(SUPPLIED ENTRIES Opens)

Lemma cont_on_bounded a b f : a <= b -> cont_on a b f ->
  exists C, forall t, a <= t <= b -> Rabs (f t) <= C.
Proof.
  intros Hab Hf.
  destruct (continuity_ab_maj (fun s => Rabs (f (clamp a b s))) a b Hab) as [m [Hm _]].
  - intros c _. apply continuity_pt_filterlim.
    apply (continuous_comp (fun s => f (clamp a b s)) Rabs);
      [apply cont_on_clamp; auto | apply continuous_Rabs].
  - exists (Rabs (f (clamp a b m))). intros t Ht. specialize (Hm t Ht). simpl in Hm.
    rewrite clamp_id in Hm; auto.
Qed.

Lemma lsum_uniform_bound {I : Type} (l : list I) (P : I -> R -> Prop) :
  (forall i, exists C, forall v, P i v -> Rabs v <= C) ->
  exists C, 0 <= C /\ forall i v, In i l -> P i v -> Rabs v <= C.
Proof.
  intros H. induction l as [|a l IH].
  - exists 0. split; [lra|]. intros i v [].
  - destruct IH as [C [HC0 HC]]. destruct (H a) as [Ca HCa].
    exists (Rmax C (Rabs Ca)). split; [eapply Rle_trans; [exact HC0 | apply Rmax_l]|].
    intros i v [<-|Hi] HP.
    + eapply Rle_trans; [apply HCa; auto|].
      eapply Rle_trans; [apply Rle_abs | apply Rmax_r].
    + eapply Rle_trans; [apply (HC i v Hi HP) | apply Rmax_l].
Qed.

Lemma finite_uniform_bound {I : finite_type} (P : I -> R -> Prop) :
  (forall i, exists C, forall v, P i v -> Rabs v <= C) ->
  exists C, 0 <= C /\ forall i v, P i v -> Rabs v <= C.
Proof.
  intros H. destruct (lsum_uniform_bound (ft_enum I) P H) as [C [H0 H1]].
  exists C; split; auto. intros i v; apply H1, ft_full.
Qed.
(* Multivariate polynomials in n variables over R, as iterated univariate
   polynomials: mpoly R 0 = R, mpoly R n.+1 = {poly (mpoly R n)}.
   Variable number 0 is the outermost indeterminate. *)
Fixpoint mpoly (R : comNzRingType) (n : nat) : comNzRingType :=
  match n with
  | 0 => R
  | n'.+1 => ({poly (mpoly R n')} : comNzRingType)
  end.

Fixpoint mconst (R : comNzRingType) (n : nat) : R -> mpoly R n :=
  match n return R -> mpoly R n with
  | 0 => fun c => c
  | n'.+1 => fun c => (@mconst R n' c)%:P
  end.

(* the i-th variable (0 if i >= n) *)
Fixpoint mvar (R : comNzRingType) (n : nat) (i : nat) : mpoly R n :=
  match n return mpoly R n with
  | 0 => 0
  | n'.+1 => if i is i'.+1 then (@mvar R n' i')%:P else 'X
  end.

Fixpoint meval (R : comNzRingType) (S : comNzRingType) (f : R -> S)
    (n : nat) (v : nat -> S) : mpoly R n -> S :=
  match n return mpoly R n -> S with
  | 0 => f
  | n'.+1 => fun p => (map_poly (@meval R S f n' (fun i => v i.+1)) p).[v 0]
  end.

Definition xv (R : comNzRingType) (m : nat) (i : 'I_m) : mpoly R (m + m) :=
  @mvar R (m + m) i.
Definition yv (R : comNzRingType) (m : nat) (i : 'I_m) : mpoly R (m + m) :=
  @mvar R (m + m) (m + i)%N.

(* simultaneous permutation action of s on the x's and the y's *)
Definition perm_point (R : comNzRingType) (m : nat) (s : {perm 'I_m})
  (k : nat) : mpoly R (m + m) :=
  match (insub k : option 'I_m) with
  | Some i => @xv R m (s i)
  | None => match (insub (k - m)%N : option 'I_m) with
            | Some i => @yv R m (s i)
            | None => 0
            end
  end.

Definition perm_act (R : comNzRingType) (m : nat) (s : {perm 'I_m})
  (P : mpoly R (m + m)) : mpoly R (m + m) :=
  @meval R _ (@mconst R (m + m)) (m + m) (@perm_point R m s) P.

Definition sym_invariant (R : comNzRingType) (m : nat) (P : mpoly R (m + m)) :=
  forall s : {perm 'I_m}, perm_act s P = P.

Definition sigx (R : comNzRingType) (m k : nat) : mpoly R (m + m) :=
  \sum_(I : {set 'I_m} | #|I| == k) \prod_(j in I) @xv R m j.
Definition sigy (R : comNzRingType) (m k : nat) : mpoly R (m + m) :=
  \sum_(I : {set 'I_m} | #|I| == k) \prod_(j in I) @yv R m j.

(* substitute (sigma^x_1..sigma^x_m, sigma^y_1..sigma^y_m) into Q *)
Definition sig_point (R : comNzRingType) (m : nat) (k : nat) : mpoly R (m + m) :=
  if (k < m)%N then @sigx R m k.+1 else @sigy R m (k - m)%N.+1.

Definition eval_at_sigma (R : comNzRingType) (m : nat) (Q : mpoly R (m + m))
  : mpoly R (m + m) :=
  @meval R _ (@mconst R (m + m)) (m + m) (@sig_point R m) Q.

Definition in_rel_ideal (R : comNzRingType) (m : nat) (t : R)
  (P : mpoly R (m + m)) :=
  exists c : 'I_m -> mpoly R (m + m),
    P = \sum_(i < m) c i * (@xv R m i * @yv R m i - @mconst R (m + m) t).

From HB Require Import structures.
From mathcomp Require Import all_boot all_order all_algebra all_fingroup.
From mathcomp Require Import ring.
Set Implicit Arguments. Unset Strict Implicit. Unset Printing Implicit Defensive.
Import GRing.Theory.
Local Open Scope ring_scope.
(* Let $X$ be a Banach space and $f:X\to\mathbb R\cup\{+\infty\}$ a proper lower semicontinuous convex function with $S=\{x:f(x)\le0\}\ne\emptyset$. Let $K_f$ be the infimum of $K\ge 0$ such that $d(x,S)\le K\,(f(x))^+$ for all $x\in X$ ($K_f=+\infty$ if none). Then $$K_f^{-1}=\inf\Big\{\sup_{\|h\|\le1}\big(-f'(x;h)\big):\ 0<f(x)<\infty\Big\},$$ with conventions $1/0=\infty$, $1/\infty=0$, $\inf\emptyset=+\infty$.
   Context: $f'(x;h)=\lim_{t\downarrow0}t^{-1}(f(x+th)-f(x))\in[-\infty,+\infty]$ is the directional derivative of the convex function $f$ at $x\in\operatorname{dom}f$. *)

From Stdlib Require Import Reals Lra ClassicalEpsilon.
Open Scope R_scope.

Inductive ERbar : Type := Fin (r : R) | PInf | MInf.

Definition ER_le (a b : ERbar) : Prop :=
  match a, b with
  | MInf, _ => True
  | _, PInf => True
  | Fin x, Fin y => x <= y
  | _, _ => False
  end.

Definition ER_lt (a b : ERbar) : Prop := ER_le a b /\ a <> b.

Definition ER_opp (a : ERbar) : ERbar :=
  match a with Fin x => Fin (- x) | PInf => MInf | MInf => PInf end.

(** inverse on [0,+oo] with 1/0 = +oo, 1/+oo = 0 (only applied to values in [0,+oo]) *)
Definition ER_inv (a : ERbar) : ERbar :=
  match a with
  | Fin x => if Req_EM_T x 0 then PInf else Fin (/ x)
  | PInf => Fin 0
  | MInf => Fin 0
  end.

Definition is_ER_glb (A : ERbar -> Prop) (m : ERbar) : Prop :=
  (forall a, A a -> ER_le m a) /\
  (forall m', (forall a, A a -> ER_le m' a) -> ER_le m' m).

Definition is_ER_lub (A : ERbar -> Prop) (m : ERbar) : Prop :=
  (forall a, A a -> ER_le a m) /\
  (forall m', (forall a, A a -> ER_le a m') -> ER_le m m').

(** infimum / supremum in [-oo,+oo] (inf of the empty set is +oo) *)
Definition ER_inf (A : ERbar -> Prop) : ERbar :=
  epsilon (inhabits PInf) (is_ER_glb A).
Definition ER_sup (A : ERbar -> Prop) : ERbar :=
  epsilon (inhabits MInf) (is_ER_lub A).

Record BanachSpace : Type := {
  bs_car :> Type;
  bs_zero : bs_car;
  bs_add : bs_car -> bs_car -> bs_car;
  bs_opp : bs_car -> bs_car;
  bs_scal : R -> bs_car -> bs_car;
  bs_norm : bs_car -> R;
  bs_add_assoc : forall x y z, bs_add x (bs_add y z) = bs_add (bs_add x y) z;
  bs_add_comm : forall x y, bs_add x y = bs_add y x;
  bs_add_zero : forall x, bs_add x bs_zero = x;
  bs_add_opp : forall x, bs_add x (bs_opp x) = bs_zero;
  bs_scal_assoc : forall a b x, bs_scal a (bs_scal b x) = bs_scal (a * b) x;
  bs_scal_one : forall x, bs_scal 1 x = x;
  bs_scal_distr_l : forall a x y, bs_scal a (bs_add x y) = bs_add (bs_scal a x) (bs_scal a y);
  bs_scal_distr_r : forall a b x, bs_scal (a + b) x = bs_add (bs_scal a x) (bs_scal b x);
  bs_norm_eq0 : forall x, bs_norm x = 0 -> x = bs_zero;
  bs_norm_scal : forall a x, bs_norm (bs_scal a x) = Rabs a * bs_norm x;
  bs_norm_triangle : forall x y, bs_norm (bs_add x y) <= bs_norm x + bs_norm y;
  bs_complete : forall u : nat -> bs_car,
    (forall eps, 0 < eps -> exists N, forall m n, (N <= m)%nat -> (N <= n)%nat ->
        bs_norm (bs_add (u m) (bs_opp (u n))) < eps) ->
    exists l, forall eps, 0 < eps -> exists N, forall n, (N <= n)%nat ->
        bs_norm (bs_add (u n) (bs_opp l)) < eps
}.
Lemma hstar_le_Hcond a b : is_partition a -> is_partition b ->
  hstar mu act S a <= hstar mu act S b + Hcond a b.
Proof.
move=> pa pb; rewrite -[Hcond a b]limn_sup_cst.
have bounded_rate x : is_partition x -> bounded_fun (Hjoins_rate x).
  move=> px; apply: (@bounded_fun_le _ _ (Hent x)) => n.
  by have /andP[r0 rx] := Hjoins_rate_ge0_le n px; rewrite ger0_norm.
have bc := @bounded_cst R R^o (Hcond a b) nat setT.
apply: le_trans (le_limn_supD (bounded_rate b pb) bc).
apply: le_limn_sup (bounded_rate a pa) (bounded_funD (bounded_rate b pb) bc) _.
by move=> n; apply: Hjoins_rate_le.
Qed.

Lemma hstar_dist_le a b : is_partition a -> is_partition b ->
  `|hstar mu act S a - hstar mu act S b| <= rokhlin mu a b.
Proof.
move=> pa pb; have [pa0 pb0] := (is_partition_mod0 mu pa, is_partition_mod0 mu pb).
have := hstar_le_Hcond pa pb; have := hstar_le_Hcond pb pa.
have := Hcond_ge0 pa0 pb0; have := Hcond_ge0 pb0 pa0.
rewrite /rokhlin ler_norml; move=> *; apply/andP; split; lra.
Qed.

End Action.

Theorem lemma4p4 (R : realType) (d : measure_display) (T : measurableType d)
    (mu : probability T R) (G : groupType) (act : G -> T -> T) (S : set G) :
  mp_action mu act ->
  (* continuity of alpha |-> h^*_{mu,S}(alpha) on (P, rho) *)
  (forall a, is_partition a ->
     forall eps : R, 0 < eps -> exists2 delta : R, 0 < delta &
       forall b, is_partition b -> rokhlin mu a b < delta ->
         `|hstar mu act S a - hstar mu act S b| < eps)
  /\
  (* the zero set {alpha : h^*_{mu,S}(alpha) = 0} is rho-closed *)
  (forall a, is_partition a ->
     (forall delta : R, 0 < delta -> exists b, [/\ is_partition b,
        rokhlin mu a b < delta & hstar mu act S b = 0]) ->
     hstar mu act S a = 0).
Proof.
move=> mp; split.
- move=> a pa eps eps0; exists eps => // b pb ab.
  exact: le_lt_trans (hstar_dist_le mp S pa pb) ab.
- move=> a pa approx; apply/eqP/negPn/negP => ha.
  have /approx[b [pb ab hb]] : 0 < `|hstar mu act S a| by rewrite normr_gt0.
  by have := le_lt_trans (hstar_dist_le mp S pa pb) ab; rewrite hb subr0 ltxx.
Qed.
(* Let $G=([n],E)$ be a DAG all of whose edges $(u,v)$ satisfy $u<v$ that is a $\delta$-local expander, let $S\subseteq[n]$, and let $x<y$ in $[n]$ both be $\gamma$-good under $S$. If $\delta<\min\{\gamma/2,1/4\}$, then there is a directed path from $x$ to $y$ in $G-S$.
   Context: For $x\in[n]$ and integer $r>0$ let $I_r(x)=\{x-r+1,\ldots,x\}\cap[n]$ and $I^*_r(x)=\{x+1,\ldots,x+r\}\cap[n]$. A DAG $G=([n],E)$ is a $\delta$-local expander if for every $x\in[n]$, every integer $r\ge1$ with $r\le x$ and $r\le n-x$, and every $A\subseteq I_r(x)$, $B\subseteq I^*_r(x)$ with $|A|\ge\delta r$ and $|B|\ge\delta r$, there is an edge $(a,b)\in E$ with $a\in A$, $b\in B$. For $S\subseteq[n]$ and $\gamma>0$, a node $x\in[n]$ is $\gamma$-good under $S$ if for every integer $r>0$, $|I_r(x)\setminus S|\ge\gamma|I_r(x)|$ and $|I^*_r(x)\setminus S|\ge\gamma|I^*_r(x)|$. $G-S$ is $G$ with the nodes of $S$ and incident edges removed. *)

From HB Require Import structures.
From mathcomp Require Import all_boot all_order all_algebra.
Set Implicit Arguments. Unset Strict Implicit. Unset Printing Implicit Defensive.
Import Order.TTheory GRing.Theory Num.Theory.

Definition inN (n v : nat) : bool := (1 <= v <= n).

(* I_r(x) = {x-r+1,...,x} ∩ [n]  (x-r+1 <= v  <=>  x < v + r) *)
Definition Iback (n r x : nat) : pred nat :=
  fun v => [&& x < v + r, v <= x & inN n v].

Definition Ifwd (n r x : nat) : pred nat :=
  fun v => [&& x < v, v <= x + r & inN n v].

Definition cardN (n : nat) (P : pred nat) : nat := count P (iota 1 n).

Definition subpred (A B : pred nat) : Prop := forall v, A v -> B v.

Definition local_expander (R : realFieldType) (n : nat) (E : rel nat) (delta : R) : Prop :=
  forall (x r : nat), inN n x -> 1 <= r -> r <= x -> r <= n - x ->
  forall (A B : pred nat), subpred A (Iback n r x) -> subpred B (Ifwd n r x) ->
    (delta * r%:R <= (cardN n A)%:R)%R -> (delta * r%:R <= (cardN n B)%:R)%R ->
    exists a b, [/\ A a, B b & E a b].

Definition good (R : realFieldType) (n : nat) (S : pred nat) (gamma : R) (x : nat) : Prop :=
  forall r : nat, 0 < r ->
    (gamma * (cardN n (Iback n r x))%:R <= (cardN n (predD (Iback n r x) S))%:R)%R /\
    (gamma * (cardN n (Ifwd n r x))%:R <= (cardN n (predD (Ifwd n r x) S))%:R)%R.

Definition path_avoiding (n : nat) (E : rel nat) (S : pred nat) (x y : nat) : Prop :=
  exists p : seq nat, [/\ path E x p, last x p = y &
     all (fun v => inN n v && ~~ S v) (x :: p)].

From HB Require Import structures.
From mathcomp Require Import all_boot all_order all_algebra.
From mathcomp Require Import zify lra boolp.
Set Implicit Arguments. Unset Strict Implicit. Unset Printing Implicit Defensive.
Import Order.TTheory GRing.Theory Num.Theory.
Local Open Scope ring_scope.

(* Let [reached] be the set of nodes reachable from x in G - S, and [coreached] the
   set of nodes from which y is reachable in G - S. Walk right from x. By goodness of
   x, the first j nodes contain at least gamma j free nodes (nodes outside S), and by
   strong induction at most delta (j - 1) of them are free but not reached: the first
   ceil(j/2) nodes then contain at least delta ceil(j/2) reached nodes, so the next
   block of that length cannot contain delta ceil(j/2) free unreached nodes, or the
   local expander would give an edge into one of them from a reached node. Walking
   left from y gives the same for [coreached]. Finally cut [x, y] around its middle
   into two adjacent blocks of length r: the left one holds delta r reached nodes,
   the right one delta r coreached nodes, and the expander joins them by an edge. *)

Lemma count_le_predD (T : Type) (a b : pred T) (s : seq T) :
  (count a s <= count b s + count (predD a b) s)%N.
Proof. by elim: s => //= v s IH; case: (a v) (b v) => -[] /=; lia. Qed.

Lemma count_take_mono (T : Type) (a : pred T) (s : seq T) i j :
  (i <= j)%N -> (count a (take i s) <= count a (take j s))%N.
Proof. by move=> ij; rewrite -(subnKC ij) takeD count_cat leq_addr. Qed.

Section PrefixBound.
Variables (R : realFieldType) (delta gamma : R).
Hypotheses (delta_ge0 : 0 <= delta) (delta_le_half_gamma : 2 * delta <= gamma)
  (delta_le_half : 2 * delta <= 1).

Lemma count_reached_ge (T : Type) (free reached : pred T) (t : seq T) (r : nat) :
  gamma * r%:R <= (count free t)%:R ->
  (count (predD free reached) t)%:R <= delta * r%:R ->
  delta * r%:R <= (count reached t)%:R.
Proof.
move=> hfree hunr.
have hsplit : (count free t)%:R
    <= (count reached t)%:R + (count (predD free reached) t)%:R :> R.
  by rewrite -natrD ler_nat count_le_predD.
have : 2 * delta * r%:R <= gamma * r%:R by rewrite ler_wpM2r.
lra.
Qed.

Lemma halves_count_bound (p q b : nat) :
  p%:R <= delta * b%:R -> q%:R < delta * b.+1%:R -> (p + q)%:R <= 2 * delta * b%:R.
Proof.
(* Integrality of the counts absorbs the extra delta; this is where 2 delta <= 1 is
   needed. lra ignores section hypotheses, hence the explicit [have := ...]. *)
rewrite -natr1 mulrDr mulr1 natrD => hp hq; have := delta_le_half.
have [qp|pq] := leqP q p.
  have : q%:R <= p%:R :> R by rewrite ler_nat.
  lra.
have : p%:R + 1 <= q%:R :> R by rewrite natr1 ler_nat.
lra.
Qed.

(SUPPLIED ENTRIES Closes)

WHAT YOU SHOULD DO >> Pull out all lines from the entries above in which the word "destruct" appears.

OUTPUT OF THE TASK >>
  destruct (continuity_ab_maj (fun s => Rabs (f (clamp a b s))) a b Hab) as [m [Hm _]].
  - destruct IH as [C [HC0 HC]]. destruct (H a) as [Ca HCa].
  intros H. destruct (lsum_uniform_bound (ft_enum I) P H) as [C [H0 H1]].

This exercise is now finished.